The museum has a small number of celebrity cars which don't dominate the collection. There's one of the first 1953 Corvettes given by GM to John Wayne (Wayne couldn't easily fit in the sports car and donated it to Harrah's collection.) Also, Frank Sinatra's 1961 Ghia, Elvis Presley's 1973 Cadillac Eldorado, and a Dusenberg re-creation owned by Sammy Davis, Jr. 
A highlighted display is the 1908 Thomas Flyer, which won the 1908 New York to Paris Automobile Race around the world race, traveling over 22,000 miles over land and sea. Thomas automobile sales increased for awhile, but the company ultimately failed and the car was sold in a 1913 bankruptcy. After years of neglect and in poor condition, Harrah purchased it in 1964. His restoration shop of over 40 expert craftsmen restored it to the same condition as after the race finish (it does look a bit worse from wear).


We found a connection to our home state of NJ in this yellow Mercer Type 35 Raceabout built from 1911-1914 by the Mercer Automobile Company in Trenton, NJ, which was funded by the Roebling and Krus engineering company, known for building the Brooklyn Bridge.The earliest Mercers were renowned for performance and reportedly could be taken from the showroom to the race track without modifications.

The 1930s street gallery recreates a city street, including a movie theater marquee that displays, Gone With The Wind. Parked at the curb, among other cars, are a blue 1938 Packard convertible, a blue 1930 Jordan 7-passenger touring car, and a vintage Lincoln.

Another display featured vintage autos in an early "used" car lot, but the autos being offered for sale hardly very used.

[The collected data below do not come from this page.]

(* For $x>0$ and $v>0$, the function \[ \int_1^v\frac{e^{2\pi itx}}{t}(\log t+2\gamma)\,dt-\Big[\tfrac12\log^2\tfrac1x+\Big(\gamma-\log2\pi+\frac{i\pi}{2}\Big)\log\tfrac1x+\varepsilon_0(x,v)\Big] \] is independent of $v$ and, as a function of $x$, belongs to $\mathcal F$, where \[ \varepsilon_0(x,v)=-\int_v^\infty\frac{e^{2\pi itx}}{t}(\log t+2\gamma)\,dt. \]
   Context: $\gamma$ is Euler's constant. $\mathcal F$ is the set of continuous functions $f:\,]0,\infty[\to\mathbb C$ such that both $f(x)$ and $x\overline{f(1/x)}$ extend continuously to $x=0$. The integral defining $\varepsilon_0$ is an improper (conditionally convergent) integral. *)

From Stdlib Require Import Reals.
From Coquelicot Require Import Coquelicot.
Open Scope R_scope.

Definition euler_gamma : R :=
  real (Lim_seq (fun n => sum_f_R0 (fun k => / INR (S k)) n - ln (INR (S n)))).

Definition cRInt (f : R -> C) (a b : R) : C :=
  (RInt (fun t => Re (f t)) a b, RInt (fun t => Im (f t)) a b).

Definition cexpi (theta : R) : C := (cos theta, sin theta).

Definition integrand (x t : R) : C :=
  Cmult (cexpi (2 * PI * t * x)) (RtoC ((ln t + 2 * euler_gamma) / t)).

(* The class F: continuous f on ]0,oo[ such that f(x) and x * conj(f(1/x))
   both extend continuously to x = 0 (i.e. have limits as x -> 0+). *)
Definition in_F (f : R -> C) : Prop :=
  (forall x : R, 0 < x -> continuous f x) /\
  (exists a : C, filterlim f (at_right 0) (locally a)) /\
  (exists b : C, filterlim (fun x => Cmult (RtoC x) (Cconj (f (/ x))))
                           (at_right 0) (locally b)).

From Stdlib Require Import Reals Lra Psatz Lia.
From Coquelicot Require Import Coquelicot.
Open Scope R_scope.

(* Substituting [s = 2 pi t x], the real and imaginary parts of the integral of the integrand
   over [[v, w]] become [int_{av}^{aw} T s (ln s - ln a + 2 gamma) / s ds] with [a = 2 pi x] and
   [T = cos, sin]. An integration by parts against the bounded antiderivative of [T] shows that
   these converge as [w -> oo]; hence the expression of the statement does not depend on [v],
   and it stays bounded as [x -> oo], so that [x * conj (g (1/x)) -> 0].
   As [a -> 0], the singular part of the integral is a polynomial of degree 2 in [ln a] whose
   coefficients involve [T 0] and the regularized integral
   [K_T = int_0^oo (T s - T 0 [s < 1]) / s ds]. The correction of the statement removes this
   singular part exactly because [K_sin = pi / 2] and [K_cos = - gamma]. Both values come from
   integrating the Dirichlet sums [1/2 + sum_(k <= n) cos (k u)] and [sum_(k <= n) sin (k u)]
   over [[1 / N^2, pi]] with [N = n + 1/2]: up to an explicit term and a remainder of size
   [O(1/N)], the kernels are [N T (N u) / (N u)], whose integral is [int_{1/N}^{N pi} T s / s ds],
   while the first sum integrates to [pi / 2 + O(1/N)] and, for even [n], the second to
   [2 H_n - H_(n/2) + O(1/n)]; finally [H_n - ln n -> gamma]. *)

Ltac solve_side := repeat split; try (apply Rgt_not_eq || apply Rlt_not_eq); try lra; try nra.
Ltac change_eq_R := match goal with |- ?a = ?b => change (@eq R a b) end.
Ltac continuity_by_derive :=
  apply (ex_derive_continuous (V := R_NormedModule)); auto_derive; solve_side.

There's not just cars in the museum, but also displays of vintage gasoline pumps and logos of various car manufacturers.

After the museum opened, it was reported to have set the standard for automobile museums around the world. It’s received numerous praise, including recognition as one of 10 best U.S. auto museums. Ironically, it’s within walking distance of a Harrah’s casino.

This is the second vintage automobile museum we've visited this month on our cross country trip. Previously we stopped at the Studebaker Automobile Museum in South Bend, IN. 
It would be unfair to compare both auto museums as they were evenly priced and offered a wealth of information. However, our preference was for the Reno, NV auto museum as it laid out on a single floor (compared to 3 floors at Studebaker) and while the collection seemed smaller, there was more diversity. (We never realized how many different automobile companies there were within U.S. states in years past.) However if you're ever in either IN or NV, you should visit them and make your own decision.